A cone is inverted and filled with water to 3/4 of its height. What percent of the cone's volume is filled with water? Express your answer as a decimal to the nearest ten-thousandth.
Let's call the height of the cone " h " and the area of its base " a ".
volume of cone = (1/3)(a)(h)
The water will also be in the shape of a cone, with a height that is 3/4 that of the container.
volume of water = (1/3)(a)(3/4 * h)
volume of water = (3/4) * (1/3)(a)(h)
volume of water = (3/4) * volume of cone
volume of water = 75% of the volume of cone
75% of the cone's volume is filled with water.

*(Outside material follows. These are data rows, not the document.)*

(* The proof system $\mathbf{ELCR}^-$ is sound for $\mathsf{ELCR}^-$: every formula of $\mathcal{L}^-$ derivable in $\mathbf{ELCR}^-$ is valid on the class of all $k$-sight models.
   Context: Fix a natural number $k$ and a vocabulary: $Pred$ (predicate symbols with arities, containing binary $R$), a nonempty finite set $Cons$ of constants, $Var=\{x,y\}$; terms $\mathsf{Term}=Cons\cup Var$. $\mathcal{L}_{\mathsf{B}}$: $\alpha::=P(t_1,\dots,t_m)\mid t_1\equiv t_2\mid\neg\alpha\mid(\alpha\land\alpha)$. $\mathcal{L}^-$: $\varphi::=\alpha\mid K_zt\mid\neg\varphi\mid(\varphi\land\varphi)\mid K_z\alpha$ with $\alpha\in\mathcal{L}_{\mathsf{B}}$, $z\in Var$, $t\in\mathsf{Term}$. $\langle K_z\rangle\beta:=\neg K_z\neg\beta$; $K_z\mathcal{T}:=\bigwedge_{t\in\mathcal{T}}K_zt$; $\alpha[t_1/t_2]$ replaces every occurrence of $t_2$ in $\alpha$ by $t_1$; $t\not\equiv c:=\neg t\equiv c$; $\mathsf{D}^0t_1t_2:=t_1\equiv t_2$, $\mathsf{D}^{n+1}t_1t_2:=\mathsf{D}^nt_1t_2\lor\bigvee_{t\in\mathsf{Term}}(\mathsf{D}^nt_1t\land(Rtt_2\lor Rt_2t))$; for $\mathcal{T}\subseteq Cons$, $K_zz'=\mathcal{T}:=\bigwedge_{c\in\mathcal{T}}\langle K_z\rangle z'\equiv c\land\bigwedge_{c\in Cons\setminus\mathcal{T}}K_z\neg z'\equiv c$. Models: $M=(\mathbf{D},\mathbf{I},\Sigma,\sim)$ with $\mathbf{D}$ nonempty finite; $\mathbf{I}(P)\subseteq\mathbf{D}^m$ for $m$-ary $P$, $\mathbf{R}:=\mathbf{I}(R)$ serial; $\mathbf{I}(c)\in\mathbf{D}$ for $c\in Cons$, every element of $\mathbf{D}$ named by some constant; $\Sigma\subseteq\mathbf{D}^{Var}$ nonempty (situations); $\sim_x,\sim_y$ equivalence relations on $\Sigma$. $\mathbb{D}^0(s)=\{s\}$, $\mathbb{D}^{m+1}(s)=\mathbb{D}^m(s)\cup\{t:\exists u\in\mathbb{D}^m(s),(u,t)\in\mathbf{R}\text{ or }(t,u)\in\mathbf{R}\}$. $M$ is $k$-sight if $\sigma\sim_z\sigma'$ implies $\sigma(z')=\sigma'(z')$ for every $z'\in Var$ with $\sigma(z')\in\mathbb{D}^k(\sigma(z))$. Semantics: $t^{(\mathbf{I},\sigma)}$ is $\mathbf{I}(t)$ or $\sigma(t)$; $P(t_1,\dots,t_m)$ true iff the tuple of values is in $\mathbf{I}(P)$; $t_1\equiv t_2$ iff equal values; Boolean standard; $K_zt$ true at $\sigma$ iff $t$ has the same value at all $\sigma'\in\Sigma$ with $\sigma'\sim_z\sigma$; $K_z\varphi$ true at $\sigma$ iff $\varphi$ true at all $\sigma'\in\Sigma$ with $\sigma'\sim_z\sigma$. Valid = true at every situation of every $k$-sight model. $\mathbf{ELCR}^-$ has axioms and rules (with $z,z'\in Var$, $t,t_i\in\mathsf{Term}$, $c\in Cons$): (Tau) propositional tautologies; (A1) $t_1\equiv t_1$; (A2) $t_1\equiv t_2\to t_2\equiv t_1$; (A3) $t_1\equiv t_2\land t_2\equiv t_3\to t_1\equiv t_3$; (A4) $t_1\equiv t_2\to(\alpha\leftrightarrow\alpha[t_1/t_2])$ for $\alpha\in\mathcal{L}_{\mathsf{B}}$; (MP) from $\varphi\to\psi$ and $\varphi$ infer $\psi$; (Seriality) $\bigvee_{t\in Cons}Rct$; (At-Some-Where) $\bigvee_{c\in Cons}z\equiv c$; ($k$-sight) $\mathsf{D}^kzt\to K_zt$; (K) $K_z(\alpha\to\beta)\to(K_z\alpha\to K_z\beta)$, $\alpha,\beta\in\mathcal{L}_{\mathsf{B}}$; (T) $K_z\alpha\to\alpha$, $\alpha\in\mathcal{L}_{\mathsf{B}}$; (Knowledge-Ground) $K_zz'=\mathcal{T}\to(K_z\alpha\leftrightarrow\bigwedge_{c\in\mathcal{T}}\alpha[c/z'])$ for $\mathcal{T}\subseteq Cons$, $\{z,z'\}=\{x,y\}$, $\alpha\in\mathcal{L}_{\mathsf{B}}$; (K-Additivity) from $\varphi\to\alpha$ infer $\varphi\to K_z\alpha$, where $\varphi=K_z\alpha_1\land\dots\land K_z\alpha_n\land\langle K_z\rangle\beta_1\land\dots\land\langle K_z\rangle\beta_m$, $1\le m+n$, $\alpha,\alpha_i,\beta_j\in\mathcal{L}_{\mathsf{B}}$; (K-Elimination) from $\varphi\to(K_z\alpha\to\beta)$ infer $\varphi\to(\alpha\to\beta)$, where $\varphi=K_{z'}\alpha_1\land\dots\land K_{z'}\alpha_n\land\langle K_{z'}\rangle\beta_1\land\dots\land\langle K_{z'}\rangle\beta_m$, $1\le m+n$, $\alpha,\beta,\alpha_i,\beta_j\in\mathcal{L}_{\mathsf{B}}$, $\{z,z'\}=\{x,y\}$; (De-Re-Knowledge) $t\equiv c\to(K_zt\leftrightarrow K_zt\equiv c)$; (Structure-Knowledge) $(K_z\mathcal{T}\land\alpha)\to K_z\alpha$ for $\alpha\in\mathcal{L}_{\mathsf{B}}$ all of whose terms lie in $\mathcal{T}\subseteq\mathsf{Term}$. *)

From HB Require Import structures.
From mathcomp Require Import all_boot.
Set Implicit Arguments. Unset Strict Implicit. Unset Printing Implicit Defensive.

Inductive var := vx | vy.
Definition bool_of_var v := if v is vx then true else false.
Definition var_of_bool (b : bool) := if b then vx else vy.
Lemma bool_of_varK : cancel bool_of_var var_of_bool. Proof. by case. Qed.
HB.instance Definition _ := Finite.copy var (can_type bool_of_varK).

Inductive term (Cons : Type) := TC of Cons | TV of var.
Arguments TV {Cons}.
Definition sum_of_term C (t : term C) : (C + var)%type :=
  match t with TC c => inl c | TV z => inr z end.
Definition term_of_sum C (s : (C + var)%type) : term C :=
  match s with inl c => TC c | inr z => TV z end.
Lemma sum_of_termK C : cancel (@sum_of_term C) (@term_of_sum C). Proof. by case. Qed.
HB.instance Definition _ (C : finType) :=
  Finite.copy (term C) (can_type (@sum_of_termK C)).

Section ELCR.
(* Vocabulary: Cons = finite set of constants; predicate symbols are the
   distinguished binary R together with further symbols OPred with arities. *)
Variables (Cons : finType) (OPred : Type) (oarity : OPred -> nat).
Local Notation term := (term Cons).

Inductive bform :=
| BRel of term & term
| BAtom (P : OPred) of (oarity P).-tuple term
| BEq of term & term
| BNeg of bform
| BAnd of bform & bform.

Definition bTrue : bform := BEq (TV vx) (TV vx).
Definition bFalse : bform := BNeg bTrue.
Definition bOr a b := BNeg (BAnd (BNeg a) (BNeg b)).
Definition bImp a b := BNeg (BAnd a (BNeg b)).
Definition bIff a b := BAnd (bImp a b) (bImp b a).
Fixpoint bBigAnd (s : seq bform) : bform :=
  match s with [::] => bTrue | a :: s' => if s' is [::] then a else BAnd a (bBigAnd s') end.
Fixpoint bBigOr (s : seq bform) : bform :=
  match s with [::] => bFalse | a :: s' => if s' is [::] then a else bOr a (bBigOr s') end.

Fixpoint bsubst (t1 t2 : term) (a : bform) : bform :=
  let sub s := if s == t2 then t1 else s in
  match a with
  | BRel s1 s2 => BRel (sub s1) (sub s2)
  | BAtom P ts => @BAtom P (map_tuple sub ts)
  | BEq s1 s2 => BEq (sub s1) (sub s2)
  | BNeg b => BNeg (bsubst t1 t2 b)
  | BAnd b c => BAnd (bsubst t1 t2 b) (bsubst t1 t2 c)
  end.

Fixpoint bterms (a : bform) : seq term :=
  match a with
  | BRel s1 s2 => [:: s1; s2]
  | BAtom P ts => tval ts
  | BEq s1 s2 => [:: s1; s2]
  | BNeg b => bterms b
  | BAnd b c => bterms b ++ bterms c
  end.

Fixpoint Dn (n : nat) (t1 t2 : term) : bform :=
  match n with
  | 0 => BEq t1 t2
  | n'.+1 => bOr (Dn n' t1 t2)
                 (bBigOr [seq BAnd (Dn n' t1 t) (bOr (BRel t t2) (BRel t2 t)) | t <- enum {: term}])
  end.

Inductive form :=
| FB of bform
| FKt of var & term
| FNeg of form
| FAnd of form & form
| FK of var & bform.

Definition fTrue := FB bTrue.
Definition fImp p q := FNeg (FAnd p (FNeg q)).
Definition fIff p q := FAnd (fImp p q) (fImp q p).
Fixpoint fBigAnd (s : seq form) : form :=
  match s with [::] => fTrue | a :: s' => if s' is [::] then a else FAnd a (fBigAnd s') end.
Definition dia (z : var) (b : bform) := FNeg (FK z (BNeg b)).

Definition Kterms (z : var) (T : {set term}) := fBigAnd [seq FKt z t | t <- enum T].
Definition KeqT (z z' : var) (T : {set Cons}) :=
  fBigAnd ([seq dia z (BEq (TV z') (TC c)) | c <- enum T] ++
           [seq FK z (BNeg (BEq (TV z') (TC c))) | c <- enum (~: T)]).
Definition kphi (z : var) (As Bs : seq bform) :=
  fBigAnd (map (FK z) As ++ map (dia z) Bs).

(* propositional evaluation, atoms being the non-Boolean-compound formulas *)
Fixpoint bpeval (v : form -> bool) (a : bform) : bool :=
  match a with
  | BNeg b => ~~ bpeval v b
  | BAnd b c => bpeval v b && bpeval v c
  | _ => v (FB a)
  end.
Fixpoint fpeval (v : form -> bool) (p : form) : bool :=
  match p with
  | FB a => bpeval v a
  | FNeg q => ~~ fpeval v q
  | FAnd q r => fpeval v q && fpeval v r
  | _ => v p
  end.
Definition tautology (p : form) := forall v, fpeval v p.

Inductive derivable (k : nat) : form -> Prop :=
| dTau p : tautology p -> derivable k p
| dA1 t : derivable k (FB (BEq t t))
| dA2 t1 t2 : derivable k (FB (bImp (BEq t1 t2) (BEq t2 t1)))
| dA3 t1 t2 t3 :
    derivable k (FB (bImp (BAnd (BEq t1 t2) (BEq t2 t3)) (BEq t1 t3)))
| dA4 t1 t2 a : derivable k (FB (bImp (BEq t1 t2) (bIff a (bsubst t1 t2 a))))
| dMP p q : derivable k (fImp p q) -> derivable k p -> derivable k q
| dSeriality c : derivable k (FB (bBigOr [seq BRel (TC c) (TC d) | d <- enum {: Cons}]))
| dAtSomeWhere z : derivable k (FB (bBigOr [seq BEq (TV z) (TC c) | c <- enum {: Cons}]))
| dKsight z t : derivable k (fImp (FB (Dn k (TV z) t)) (FKt z t))
| dK z a b : derivable k (fImp (FK z (bImp a b)) (fImp (FK z a) (FK z b)))
| dT z a : derivable k (fImp (FK z a) (FB a))
| dKGround z z' (T : {set Cons}) a : z != z' ->
    derivable k (fImp (KeqT z z' T)
                      (fIff (FK z a) (FB (bBigAnd [seq bsubst (TC c) (TV z') a | c <- enum T]))))
| dKAdditivity z As Bs a : 0 < size As + size Bs ->
    derivable k (fImp (kphi z As Bs) (FB a)) ->
    derivable k (fImp (kphi z As Bs) (FK z a))
| dKElimination z z' As Bs a b : z != z' -> 0 < size As + size Bs ->
    derivable k (fImp (kphi z' As Bs) (fImp (FK z a) (FB b))) ->
    derivable k (fImp (kphi z' As Bs) (fImp (FB a) (FB b)))
| dDeRe z t c :
    derivable k (fImp (FB (BEq t (TC c))) (fIff (FKt z t) (FK z (BEq t (TC c)))))
| dStructure z (T : {set term}) a : all (mem T) (bterms a) ->
    derivable k (fImp (FAnd (Kterms z T) (FB a)) (FK z a)).

Record model := Model {
  dom : finType;
  dom_nonempty : 0 < #|dom|;
  IR : rel dom;
  IR_serial : forall d, exists d', IR d d';
  IP : forall P : OPred, (oarity P).-tuple dom -> bool;
  IC : Cons -> dom;
  IC_named : forall d, exists c, IC c = d;
  sits : {set {ffun var -> dom}};
  sits_nonempty : sits != set0;
  sim : var -> {ffun var -> dom} -> {ffun var -> dom} -> Prop;
  sim_refl : forall z s, s \in sits -> sim z s s;
  sim_sym : forall z s s', s \in sits -> s' \in sits -> sim z s s' -> sim z s' s;
  sim_trans : forall z s1 s2 s3, s1 \in sits -> s2 \in sits -> s3 \in sits ->
                sim z s1 s2 -> sim z s2 s3 -> sim z s1 s3
}.

Section Semantics.
Variable M : model.
Local Notation D := (dom M).

Definition tval (s : {ffun var -> D}) (t : term) : D :=
  match t with TC c => @IC M c | TV z => s z end.

Fixpoint Dset (m : nat) (d : D) : pred D :=
  match m with
  | 0 => pred1 d
  | m'.+1 => fun e => Dset m' d e || [exists u, Dset m' d u && (@IR M u e || @IR M e u)]
  end.

Fixpoint bsat (s : {ffun var -> D}) (a : bform) : bool :=
  match a with
  | BRel t1 t2 => @IR M (tval s t1) (tval s t2)
  | BAtom P ts => @IP M P (map_tuple (tval s) ts)
  | BEq t1 t2 => tval s t1 == tval s t2
  | BNeg b => ~~ bsat s b
  | BAnd b c => bsat s b && bsat s c
  end.

Fixpoint fsat (s : {ffun var -> D}) (p : form) : Prop :=
  match p with
  | FB a => bsat s a
  | FKt z t => forall s', s' \in @sits M -> @sim M z s' s -> tval s' t = tval s t
  | FNeg q => ~ fsat s q
  | FAnd q r => fsat s q /\ fsat s r
  | FK z a => forall s', s' \in @sits M -> @sim M z s' s -> bsat s' a
  end.

Definition ksight (k : nat) : Prop :=
  forall z s s', s \in @sits M -> s' \in @sits M -> @sim M z s s' ->
    forall z', s z' \in Dset k (s z) -> s z' = s' z'.
End Semantics.

Definition valid (k : nat) (p : form) : Prop :=
  forall M : model, ksight M k -> forall s, s \in @sits M -> fsat s p.
End ELCR.

From Pilot Require Import Defs.
From HB Require Import structures.
From mathcomp Require Import all_boot.
From mathcomp Require Import boolp.
Set Implicit Arguments. Unset Strict Implicit. Unset Printing Implicit Defensive.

Hectictar's answer is correct if the tank is a cylinder....however....a cone is a little different because of the variable cross-sections
We can use similar triangles here......call the radius of the tank r and the height h
So.....if the water is filled to 3/4 of the inverted cone's height.....we have
r / h = x / [3/4] h where x = the radius of the cone formed at the 3/4 water level
So.....x = 3/4 r
So.....the volume of the water when the tank is full is pi * r^2 * h / 3
And the volume of water at the 3/4 level is [pi * [ (3/4) r ] ^2 * [ (3/4)] h ] / 3 =
[ 27/64] pi* r^2 * h / 3
So....the percent of the cone filled with water is 27/64 ≈ .4219 ≈ 42.2%